** DATASET EXCERPTS follows **

(* Let $(t_1,s_1),(t_2,s_2)\in\mathbb{C}^\times\times\mathbb{C}^\times$ with $t_1\ne t_2$ and $s_1\neq s_2$, let $X_1=A_2(t_1,s_1)$, $X_2=A_2(t_2,s_2)$, let $\varepsilon_0=\det(X_1)+\det(X_2)-\det(X_1+X_2)$, and for $n\in\mathbb{N}$ let $f_n(z)=\sum_{k=0}^{\lfloor n/2\rfloor}(-1)^k\frac{n}{n-k}\binom{n-k}{k}z^{n-2k}$. Then $(X_1X_2)^n+(X_2X_1)^n=f_n(\varepsilon_0)I_2$ for all $n\in\mathbb{N}$.
   Context: $\mathbb{C}^\times=\mathbb{C}\setminus\{0\}$; $A_2(t,s)=\begin{pmatrix} t & s\\ \frac{1-t^2}{s} & -t\end{pmatrix}$; $I_2$ is the $2\times2$ identity matrix; $\lfloor n/2\rfloor$ is the largest integer $\le n/2$. *)

From HB Require Import structures.
From mathcomp Require Import all_boot all_order all_algebra.
From mathcomp Require Import complex.
From mathcomp Require Import Rstruct.
Set Implicit Arguments. Unset Strict Implicit. Unset Printing Implicit Defensive.
Import Order.TTheory GRing.Theory Num.Theory.
Local Open Scope ring_scope.

Notation Cplx := (Rdefinitions.R [i]).

Definition A2 (t s : Cplx) : 'M[Cplx]_2 :=
  \matrix_(i < 2, j < 2)
    if (i == 0) && (j == 0) then t
    else if (i == 0) then s
    else if (j == 0) then (1 - t ^+ 2) / s
    else - t.

Definition f_poly (n : nat) (z : Cplx) : Cplx :=
  \sum_(0 <= k < (n./2).+1)
    (-1) ^+ k * (n%:R / (n - k)%:R) * ('C(n - k, k))%:R * z ^+ (n - 2 * k).

(* With s != 0, A_2(t,s) has trace 0 and determinant -1, so it squares to I
   (Cayley-Hamilton); thus M = X1 X2 and N = X2 X1 are mutually inverse.
   Polarizing Cayley-Hamilton for 2x2 matrices gives
   X1 X2 + X2 X1 = (tr X1) X2 + (tr X2) X1 + eps0 I = eps0 I.  Hence
   p_n = M^n + N^n satisfies p_(n+2) = eps0 p_(n+1) - p_n, and f_n obeys the
   same recurrence because f_n = U_n - U_(n-2) with U_n the Chebyshev polynomial
   of the second kind evaluated at z/2, while p_1 = f_1 and p_2 = f_2. *)

From HB Require Import structures.
From mathcomp Require Import all_boot all_order all_algebra.
From mathcomp Require Import complex.
From mathcomp Require Import Rstruct.
From mathcomp Require Import zify ring.
Set Implicit Arguments.
Unset Strict Implicit.
Unset Printing Implicit Defensive.
Import Order.TTheory GRing.Theory Num.Theory.
Local Open Scope ring_scope.

Lemma ord2P (P : 'I_2 -> Prop) : P 0 -> P 1 -> forall i, P i.
Proof.
move=> P0 P1 [[|[|//]] lt_i2].
  by rewrite (_ : Ordinal _ = 0) //; apply/val_inj.
by rewrite (_ : Ordinal _ = 1) //; apply/val_inj.
Qed.

Section Matrix22.
Variable R : comPzRingType.
Implicit Types A B : 'M[R]_2.

Let lift0_ord2 : lift ord0 ord0 = 1 :> 'I_2. Proof. exact/val_inj. Qed.
Let lift1_ord1 : lift 1 ord0 = 0 :> 'I_2. Proof. exact/val_inj. Qed.

Lemma trace_mx22 A : \tr A = A 0 0 + A 1 1.
Proof. by rewrite /mxtrace !big_ord_recl big_ord0 addr0 lift0_ord2. Qed.

Lemma det_mx22 A : \det A = A 0 0 * A 1 1 - A 0 1 * A 1 0.
Proof.
rewrite (expand_det_row _ 0) !big_ord_recl big_ord0 addr0 /cofactor !det_mx11 !mxE.
rewrite lift0_ord2 lift1_ord1 /= expr0 expr1; ring.
Qed.

Lemma mulmx22E A B i j : (A *m B) i j = A i 0 * B 0 j + A i 1 * B 1 j.
Proof. by rewrite !mxE !big_ord_recl big_ord0 addr0 lift0_ord2. Qed.

Lemma mx22_sqr A : A *m A = \tr A *: A - (\det A)%:M.
Proof.
rewrite trace_mx22 det_mx22; apply/matrixP; apply: ord2P; apply: ord2P;
  rewrite mulmx22E !mxE /=; ring.
Qed.

Lemma mx22_anticomm A B :
  A *m B + B *m A = \tr A *: B + \tr B *: A + (\det A + \det B - \det (A + B))%:M.
Proof.
rewrite !trace_mx22 !det_mx22; apply/matrixP; apply: ord2P; apply: ord2P;
  rewrite [in LHS]mxE !mulmx22E !mxE /=; ring.
Qed.

End Matrix22.

Section A2.
Variables t s : Cplx.
Hypothesis s_neq0 : s != 0.

Lemma trace_A2 : \tr (A2 t s) = 0.
Proof. by rewrite trace_mx22 !mxE /= subrr. Qed.

Lemma det_A2 : \det (A2 t s) = -1.
Proof. by rewrite det_mx22 !mxE /=; field. Qed.

Lemma A2_sqr : A2 t s *m A2 t s = 1.
Proof. by rewrite mx22_sqr trace_A2 det_A2 scale0r sub0r -raddfN opprK. Qed.

End A2.

Lemma A2_anticomm t1 s1 t2 s2 :
  let X1 := A2 t1 s1 in let X2 := A2 t2 s2 in
  X1 *m X2 + X2 *m X1 = (\det X1 + \det X2 - \det (X1 + X2))%:M.
Proof. by rewrite /= mx22_anticomm !trace_A2 !scale0r !add0r. Qed.

Section ChebyshevU.
Variable R : comPzRingType.
Implicit Type z : R.

Definition chebU_term n k z : R := (-1) ^+ k * 'C(n - k, k)%:R * z ^+ (n - 2 * k).

(* [chebU n z] is U_n(z/2), U_n the Chebyshev polynomial of the second kind. *)
Definition chebU n z := \sum_(k < n.+1) chebU_term n k z.

Lemma chebU_term_eq0 n k z : (n < 2 * k)%N -> chebU_term n k z = 0.
Proof. by move=> lt_n_2k; rewrite /chebU_term bin_small ?mulr0 ?mul0r //; lia. Qed.

Lemma chebU_termSS n k z :
  chebU_term n.+2 k.+1 z = z * chebU_term n.+1 k.+1 z - chebU_term n k z.
Proof.
have [lt_n_k | le_k_n] := ltnP n k.
  by rewrite !chebU_term_eq0 ?mulr0 ?subrr //; lia.
rewrite /chebU_term (_ : n.+2 - k.+1 = (n - k).+1)%N; last by lia.
rewrite (_ : n.+1 - k.+1 = n - k)%N; last by lia.
rewrite (_ : n.+2 - 2 * k.+1 = n - 2 * k)%N; last by lia.
set C1 := 'C(n - k, k.+1); set e := (n.+1 - 2 * k.+1)%N.
(* [e] is truncated when n = 2k, but then C1 = 0. *)
have zC : C1%:R * z ^+ (n - 2 * k) = C1%:R * (z * z ^+ e) :> R.
  have [lt_nk_k1 | le_k1_nk] := ltnP (n - k) k.+1.
    by rewrite /C1 bin_small // !mul0r.
  by rewrite -exprS /e (_ : (n.+1 - 2 * k.+1).+1 = n - 2 * k)%N //; lia.
rewrite binS natrD -/C1.
transitivity ((-1) ^+ k.+1 * (C1%:R * z ^+ (n - 2 * k)) +
              (-1) ^+ k.+1 * 'C(n - k, k)%:R * z ^+ (n - 2 * k)); first ring.
by rewrite zC !(exprS (-1 : R)); ring.
Qed.

Lemma chebU_widen n m z : (n < m)%N -> chebU n z = \sum_(k < m) chebU_term n k z.
Proof.
move=> lt_n_m; rewrite /chebU (big_ord_widen m (chebU_term n ^~ z) lt_n_m).
rewrite big_mkcond; apply: eq_bigr => k _; case: ltnP => // le_n1_k.
by rewrite chebU_term_eq0 //; lia.
Qed.

Lemma chebU0 z : chebU 0 z = 1.
Proof. by rewrite /chebU big_ord1 /chebU_term bin0 !mul1r. Qed.

Lemma chebU1 z : chebU 1 z = z.
Proof.
by rewrite /chebU big_ord_recr big_ord1 /chebU_term /= bin0 bin0n !mul1r mulr0 mul0r addr0.
Qed.

Lemma chebUSS n z : chebU n.+2 z = z * chebU n.+1 z - chebU n z.
Proof.
rewrite (@chebU_widen n.+1 n.+3) ?(@chebU_widen n n.+2) //.
rewrite /chebU big_ord_recl [in X in z * X]big_ord_recl.
have -> : chebU_term n.+2 0 z = z * chebU_term n.+1 0 z.
  by rewrite /chebU_term !subn0 !bin0 exprS; ring.
under eq_bigr => k _ do rewrite lift0 chebU_termSS.
under [X in _ * (_ + X)]eq_bigr => k _ do rewrite lift0.
by rewrite big_split /= sumrN mulrDr mulr_sumr addrA.
Qed.

End ChebyshevU.

(* The coefficient identity n/(n-k) C(n-k,k) = C(n-k,k) + C(n-k-1,k-1) of
   f_n = U_n - U_(n-2), cleared of denominators with n = j + k + 2. *)
Lemma mul_bin_diagD j k :
  ((j + k).+2 * 'C(j.+1, k.+1) = j.+1 * ('C(j.+1, k.+1) + 'C(j, k)))%N.
Proof. by rewrite mulnDr (mul_bin_diag j.+1 k) -mulnDl; congr (_ * _)%N; lia. Qed.

Definition f_poly_term n k z : Cplx :=
  (-1) ^+ k * (n%:R / (n - k)%:R) * 'C(n - k, k)%:R * z ^+ (n - 2 * k).

Lemma f_poly_widen n m z : (n./2 < m)%N -> f_poly n z = \sum_(k < m) f_poly_term n k z.
Proof.
move=> lt_half_m; rewrite /f_poly big_mkord (big_ord_widen m (f_poly_term n ^~ z) lt_half_m).
rewrite big_mkcond; apply: eq_bigr => k _; case: ltnP => //.
rewrite ltn_half_double -mul2n => lt_n_2k.
by rewrite /f_poly_term bin_small ?mulr0 ?mul0r //; lia.
Qed.

Lemma f_poly_termSS m k z :
  f_poly_term m.+2 k.+1 z = chebU_term m.+2 k.+1 z - chebU_term m k z.
Proof.
rewrite /f_poly_term /chebU_term.
rewrite (_ : m.+2 - 2 * k.+1 = m - 2 * k)%N; last by lia.
have [lt_m_2k | le_2k_m] := ltnP m (2 * k).
  by rewrite !bin_small ?mulr0 ?mul0r ?subrr //; lia.
have [j ->] : exists j, m = (j + k)%N by exists (m - k)%N; lia.
rewrite (_ : (j + k).+2 - k.+1 = j.+1)%N; last by lia.
rewrite (_ : (j + k - k = j)%N); last by lia.
have quot_bin : (j + k).+2%:R / j.+1%:R * 'C(j.+1, k.+1)%:R
                = 'C(j.+1, k.+1)%:R + 'C(j, k)%:R :> Cplx.
  rewrite mulrAC -natrM mul_bin_diagD natrM mulrC mulrA mulVf ?mul1r ?natrD //.
  by rewrite pnatr_eq0.
by rewrite -[_ * 'C(j.+1, k.+1)%:R]mulrA quot_bin exprS; ring.
Qed.

Lemma f_poly_term0 n z : (0 < n)%N -> f_poly_term n 0 z = chebU_term n 0 z.
Proof. by move=> n_gt0; rewrite /f_poly_term /chebU_term subn0 divff ?mulr1 // pnatr_eq0 -lt0n. Qed.

Lemma f_poly_chebU m z : f_poly m.+2 z = chebU m.+2 z - chebU m z.
Proof.
rewrite (@f_poly_widen _ m.+3) ?ltn_half_double; last by rewrite -mul2n; lia.
rewrite (@chebU_widen _ m m.+2) // /chebU big_ord_recl.
rewrite [in X in _ = X - _]big_ord_recl f_poly_term0 //.
under eq_bigr => k _ do rewrite lift0 f_poly_termSS.
under [X in _ = _ + X - _]eq_bigr => k _ do rewrite lift0.
by rewrite big_split /= sumrN addrA.
Qed.

Lemma f_poly1 z : f_poly 1 z = z.
Proof. by rewrite /f_poly big_nat1 subn0 divff ?oner_eq0 // bin0 !mul1r expr1. Qed.

(* The hypothesis is needed: f_poly 0 z = 0 because 0 / 0 = 0. *)
Lemma f_polySS n z : (0 < n)%N -> f_poly n.+2 z = z * f_poly n.+1 z - f_poly n z.
Proof.
case: n => [|[|m]] // _; rewrite !f_poly_chebU.
  by rewrite f_poly1 !chebUSS chebU1 chebU0; ring.
by rewrite (chebUSS m.+2) (chebUSS m); ring.
Qed.

Lemma powsum_invSS (R : pzRingType) (M N : R) n : M * N = 1 -> N * M = 1 ->
  M ^+ n.+2 + N ^+ n.+2 = (M + N) * (M ^+ n.+1 + N ^+ n.+1) - (M ^+ n + N ^+ n).
Proof.
move=> MN1 NM1; rewrite mulrDl !mulrDr -!exprS.
rewrite [in M * _]exprS [in N * M ^+ _]exprS !mulrA MN1 NM1 !mul1r.
by rewrite addrACA [N ^+ n + _]addrC addrACA addrK.
Qed.

Lemma powsum_inv_f_poly (M N : 'M[Cplx]_2) z n : M * N = 1 -> N * M = 1 ->
  M + N = z%:M -> (0 < n)%N -> M ^+ n + N ^+ n = (f_poly n z)%:M.
Proof.
move=> MN1 NM1 MN_z; case: n => // n _.
suff powsum_pair : M ^+ n.+1 + N ^+ n.+1 = (f_poly n.+1 z)%:M /\
                   M ^+ n.+2 + N ^+ n.+2 = (f_poly n.+2 z)%:M by case: powsum_pair.
elim: n => [|n [IH1 IH2]].
  have P1 : M ^+ 1 + N ^+ 1 = (f_poly 1 z)%:M by rewrite !expr1 f_poly1.
  split=> //; rewrite powsum_invSS // P1 !expr0 f_poly1 f_poly_chebU (chebUSS 0).
  by rewrite chebU1 chebU0 !raddfB /= scalar_mxM mulmxE opprD addrA.
split=> //; rewrite powsum_invSS // IH1 IH2 MN_z (@f_polySS n.+1) //.
by rewrite -mulmxE -scalar_mxM -raddfB.
Qed.

Theorem mainTheorem10 (t1 s1 t2 s2 : Cplx)
  (ht1 : t1 != 0) (hs1 : s1 != 0) (ht2 : t2 != 0) (hs2 : s2 != 0)
  (ht : t1 != t2) (hs : s1 != s2) (n : nat) (hn : (0 < n)%N) :
  let X1 := A2 t1 s1 in
  let X2 := A2 t2 s2 in
  let eps0 := \det X1 + \det X2 - \det (X1 + X2) in
  (X1 *m X2) ^+ n + (X2 *m X1) ^+ n = (f_poly n eps0)%:M.
Proof.
move=> X1 X2 eps0.
have X1_sqr : X1 *m X1 = 1 := A2_sqr t1 hs1.
have X2_sqr : X2 *m X2 = 1 := A2_sqr t2 hs2.
apply: powsum_inv_f_poly hn; last exact: A2_anticomm.
- by rewrite -mulmxE mulmxA -(mulmxA X1) X2_sqr mulmx1.
- by rewrite -mulmxE mulmxA -(mulmxA X2) X1_sqr mulmx1.
Qed.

** End of DATASET EXCERPTS **

BRIEF
Take the listing above and repeat exactly the lines from the one containing "by rewrite /C1 bin_small // !mul0r." through the one containing "Proof. by rewrite /chebU", both included.

SOLVED EXERCISE
    by rewrite /C1 bin_small // !mul0r.
  by rewrite -exprS /e (_ : (n.+1 - 2 * k.+1).+1 = n - 2 * k)%N //; lia.
rewrite binS natrD -/C1.
transitivity ((-1) ^+ k.+1 * (C1%:R * z ^+ (n - 2 * k)) +
              (-1) ^+ k.+1 * 'C(n - k, k)%:R * z ^+ (n - 2 * k)); first ring.
by rewrite zC !(exprS (-1 : R)); ring.
Qed.

Lemma chebU_widen n m z : (n < m)%N -> chebU n z = \sum_(k < m) chebU_term n k z.
Proof.
move=> lt_n_m; rewrite /chebU (big_ord_widen m (chebU_term n ^~ z) lt_n_m).
rewrite big_mkcond; apply: eq_bigr => k _; case: ltnP => // le_n1_k.
by rewrite chebU_term_eq0 //; lia.
Qed.

Lemma chebU0 z : chebU 0 z = 1.
Proof. by rewrite /chebU big_ord1 /chebU_term bin0 !mul1r. Qed.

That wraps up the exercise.